Transcribe the entries, keeping every character the same.

═════ Records for this task ═════

Theorem theorem1 :
  exists N : R -> R -> Prop, null2 N /\
    forall xi eta : R, ~ N xi eta -> lambda_min_is xi eta (Finite (1/2)).
Proof.
  exists (fun xi eta => exists n, lambda_set xi eta (lam n)).
  split; [exact null2_lambda_gt_half|]. intros xi eta HN.
  apply lambda_min_is_half. intros l Hl. apply Rnot_lt_le. intros Hhalf.
  destruct (exists_lam_le l Hhalf) as [n Hn]. apply HN. exists n.
  eapply lambda_set_antimono; [|exact Hl]. pose proof (lam_gt_half n). lra.
Qed.
(* Impose (A1)–(A6) and (A8), and fix $x\in\mathcal X$, $u\in[0,1]$. Then $\underline{\Delta}(x,u)\le\Delta^{OO}_{Y^*}(x,u)\le\overline{\Delta}(x,u)$, where: (i) under (A7.1): $\underline\Delta(x,u)=\underline y^*-\frac{m_0^Y(x,u)}{m_0^S(x,u)}$ and $\overline\Delta(x,u)=\frac{m_1^Y(x,u)-\underline y^*\Delta_S(x,u)}{m_0^S(x,u)}-\frac{m_0^Y(x,u)}{m_0^S(x,u)}$; (ii) under (A7.2): $\underline\Delta(x,u)=\frac{m_1^Y(x,u)-\overline y^*\Delta_S(x,u)}{m_0^S(x,u)}-\frac{m_0^Y(x,u)}{m_0^S(x,u)}$ and $\overline\Delta(x,u)=\overline y^*-\frac{m_0^Y(x,u)}{m_0^S(x,u)}$; (iii) under (A7.3) (sub-case (a) or (b)): $\underline\Delta(x,u)=\max\left\{\frac{m_1^Y(x,u)-\overline y^*\Delta_S(x,u)}{m_0^S(x,u)},\underline y^*\right\}-\frac{m_0^Y(x,u)}{m_0^S(x,u)}$ and $\overline\Delta(x,u)=\min\left\{\frac{m_1^Y(x,u)-\underline y^*\Delta_S(x,u)}{m_0^S(x,u)},\overline y^*\right\}-\frac{m_0^Y(x,u)}{m_0^S(x,u)}$.
   Context: Standing setup. On a common probability space: $X$ (covariates, support $\mathcal X$), $Z$ (instrument, support $\mathcal Z$), $W=(X,Z)$; latent real random variables $U,V$, jointly continuously distributed conditional on $X$, with $U\mid X$ and $V\mid X$ each Uniform$[0,1]$ (their joint dependence unrestricted); real potential outcomes of interest $Y_0^*,Y_1^*$. Given functions $P:\mathcal X\times\mathcal Z\to[0,1]$ and $Q:\{0,1\}\times\mathcal X\to[0,1]$, define the treatment $D=\mathbf 1\{P(W)\ge U\}$, potential selection indicators $S_d=\mathbf 1\{Q(d,X)\ge V\}$ ($d\in\{0,1\}$), selection indicator $S=DS_1+(1-D)S_0$, potential observable outcomes $Y_d=S_dY_d^*$ and observable outcome $Y=DY_1+(1-D)Y_0$. For $x\in\mathcal X$, $u\in[0,1]$, $d\in\{0,1\}$: $m_d^Y(x,u)=\mathbb E[Y_d\mid X=x,U=u]$, $m_d^S(x,u)=\mathbb E[S_d\mid X=x,U=u]$, $\Delta_S(x,u)=m_1^S(x,u)-m_0^S(x,u)$, and $\Delta^{OO}_{Y^*}(x,u)=\mathbb E[Y_1^*-Y_0^*\mid X=x,U=u,S_0=1,S_1=1]$. Ratios appearing are assumed well defined (nonzero denominators). Assumptions: (A1) $Z$ is independent of $(U,V,Y_0^*,Y_1^* )$ conditional on $X$; (A2) the distribution of $P(W)$ given $X$ is nondegenerate; (A3) $\mathbb E|Y_d^*|<\infty$ and $\mathbb E[(Y_d^* )^2]<\infty$ for $d=0,1$; (A4) $0<\mathbb P[D=1\mid X]<1$; (A5) $X$ is invariant to counterfactual manipulation of treatment; (A6) $Y_0^*$ and $Y_1^*$ have a common support $\mathcal Y^*\subseteq\mathbb R$; write $\underline y^*=\inf\mathcal Y^*\in\mathbb R\cup\{-\infty\}$ and $\overline y^*=\sup\mathcal Y^*\in\mathbb R\cup\{+\infty\}$, assumed known. Support cases: (A7.1) $\underline y^*>-\infty$, $\overline y^*=+\infty$, $\mathcal Y^*$ an interval; (A7.2) $\underline y^*=-\infty$, $\overline y^*<\infty$, $\mathcal Y^*$ an interval; (A7.3) $\underline y^*,\overline y^*$ both finite and either (a) $\mathcal Y^*$ is an interval or (b) $\underline y^*\in\mathcal Y^*$ and $\overline y^*\in\mathcal Y^*$. (A8) $Q(1,x)>Q(0,x)>0$ for all $x\in\mathcal X$. *)

From HB Require Import structures.
From mathcomp Require Import all_boot all_order all_algebra.
From mathcomp Require Import all_classical all_reals all_analysis.
From mathcomp Require Import measurable_realfun.
Set Implicit Arguments.
Unset Strict Implicit.
Unset Printing Implicit Defensive.
Import Order.TTheory GRing.Theory Num.Theory.
Import numFieldNormedType.Exports.
Local Open Scope classical_set_scope.
Local Open Scope ring_scope.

═════

◆ **Solution**
Theorem theorem1 :
  exists N : R -> R -> Prop, null2 N /\
    forall xi eta : R, ~ N xi eta -> lambda_min_is xi eta (Finite (1/2)).
Proof.
  exists (fun xi eta => exists n, lambda_set xi eta (lam n)).
  split; [exact null2_lambda_gt_half|]. intros xi eta HN.
  apply lambda_min_is_half. intros l Hl. apply Rnot_lt_le. intros Hhalf.
  destruct (exists_lam_le l Hhalf) as [n Hn]. apply HN. exists n.
  eapply lambda_set_antimono; [|exact Hl]. pose proof (lam_gt_half n). lra.
Qed.
(* Impose (A1)–(A6) and (A8), and fix $x\in\mathcal X$, $u\in[0,1]$. Then $\underline{\Delta}(x,u)\le\Delta^{OO}_{Y^*}(x,u)\le\overline{\Delta}(x,u)$, where: (i) under (A7.1): $\underline\Delta(x,u)=\underline y^*-\frac{m_0^Y(x,u)}{m_0^S(x,u)}$ and $\overline\Delta(x,u)=\frac{m_1^Y(x,u)-\underline y^*\Delta_S(x,u)}{m_0^S(x,u)}-\frac{m_0^Y(x,u)}{m_0^S(x,u)}$; (ii) under (A7.2): $\underline\Delta(x,u)=\frac{m_1^Y(x,u)-\overline y^*\Delta_S(x,u)}{m_0^S(x,u)}-\frac{m_0^Y(x,u)}{m_0^S(x,u)}$ and $\overline\Delta(x,u)=\overline y^*-\frac{m_0^Y(x,u)}{m_0^S(x,u)}$; (iii) under (A7.3) (sub-case (a) or (b)): $\underline\Delta(x,u)=\max\left\{\frac{m_1^Y(x,u)-\overline y^*\Delta_S(x,u)}{m_0^S(x,u)},\underline y^*\right\}-\frac{m_0^Y(x,u)}{m_0^S(x,u)}$ and $\overline\Delta(x,u)=\min\left\{\frac{m_1^Y(x,u)-\underline y^*\Delta_S(x,u)}{m_0^S(x,u)},\overline y^*\right\}-\frac{m_0^Y(x,u)}{m_0^S(x,u)}$.
   Context: Standing setup. On a common probability space: $X$ (covariates, support $\mathcal X$), $Z$ (instrument, support $\mathcal Z$), $W=(X,Z)$; latent real random variables $U,V$, jointly continuously distributed conditional on $X$, with $U\mid X$ and $V\mid X$ each Uniform$[0,1]$ (their joint dependence unrestricted); real potential outcomes of interest $Y_0^*,Y_1^*$. Given functions $P:\mathcal X\times\mathcal Z\to[0,1]$ and $Q:\{0,1\}\times\mathcal X\to[0,1]$, define the treatment $D=\mathbf 1\{P(W)\ge U\}$, potential selection indicators $S_d=\mathbf 1\{Q(d,X)\ge V\}$ ($d\in\{0,1\}$), selection indicator $S=DS_1+(1-D)S_0$, potential observable outcomes $Y_d=S_dY_d^*$ and observable outcome $Y=DY_1+(1-D)Y_0$. For $x\in\mathcal X$, $u\in[0,1]$, $d\in\{0,1\}$: $m_d^Y(x,u)=\mathbb E[Y_d\mid X=x,U=u]$, $m_d^S(x,u)=\mathbb E[S_d\mid X=x,U=u]$, $\Delta_S(x,u)=m_1^S(x,u)-m_0^S(x,u)$, and $\Delta^{OO}_{Y^*}(x,u)=\mathbb E[Y_1^*-Y_0^*\mid X=x,U=u,S_0=1,S_1=1]$. Ratios appearing are assumed well defined (nonzero denominators). Assumptions: (A1) $Z$ is independent of $(U,V,Y_0^*,Y_1^* )$ conditional on $X$; (A2) the distribution of $P(W)$ given $X$ is nondegenerate; (A3) $\mathbb E|Y_d^*|<\infty$ and $\mathbb E[(Y_d^* )^2]<\infty$ for $d=0,1$; (A4) $0<\mathbb P[D=1\mid X]<1$; (A5) $X$ is invariant to counterfactual manipulation of treatment; (A6) $Y_0^*$ and $Y_1^*$ have a common support $\mathcal Y^*\subseteq\mathbb R$; write $\underline y^*=\inf\mathcal Y^*\in\mathbb R\cup\{-\infty\}$ and $\overline y^*=\sup\mathcal Y^*\in\mathbb R\cup\{+\infty\}$, assumed known. Support cases: (A7.1) $\underline y^*>-\infty$, $\overline y^*=+\infty$, $\mathcal Y^*$ an interval; (A7.2) $\underline y^*=-\infty$, $\overline y^*<\infty$, $\mathcal Y^*$ an interval; (A7.3) $\underline y^*,\overline y^*$ both finite and either (a) $\mathcal Y^*$ is an interval or (b) $\underline y^*\in\mathcal Y^*$ and $\overline y^*\in\mathcal Y^*$. (A8) $Q(1,x)>Q(0,x)>0$ for all $x\in\mathcal X$. *)

From HB Require Import structures.
From mathcomp Require Import all_boot all_order all_algebra.
From mathcomp Require Import all_classical all_reals all_analysis.
From mathcomp Require Import measurable_realfun.
Set Implicit Arguments.
Unset Strict Implicit.
Unset Printing Implicit Defensive.
Import Order.TTheory GRing.Theory Num.Theory.
Import numFieldNormedType.Exports.
Local Open Scope classical_set_scope.
Local Open Scope ring_scope.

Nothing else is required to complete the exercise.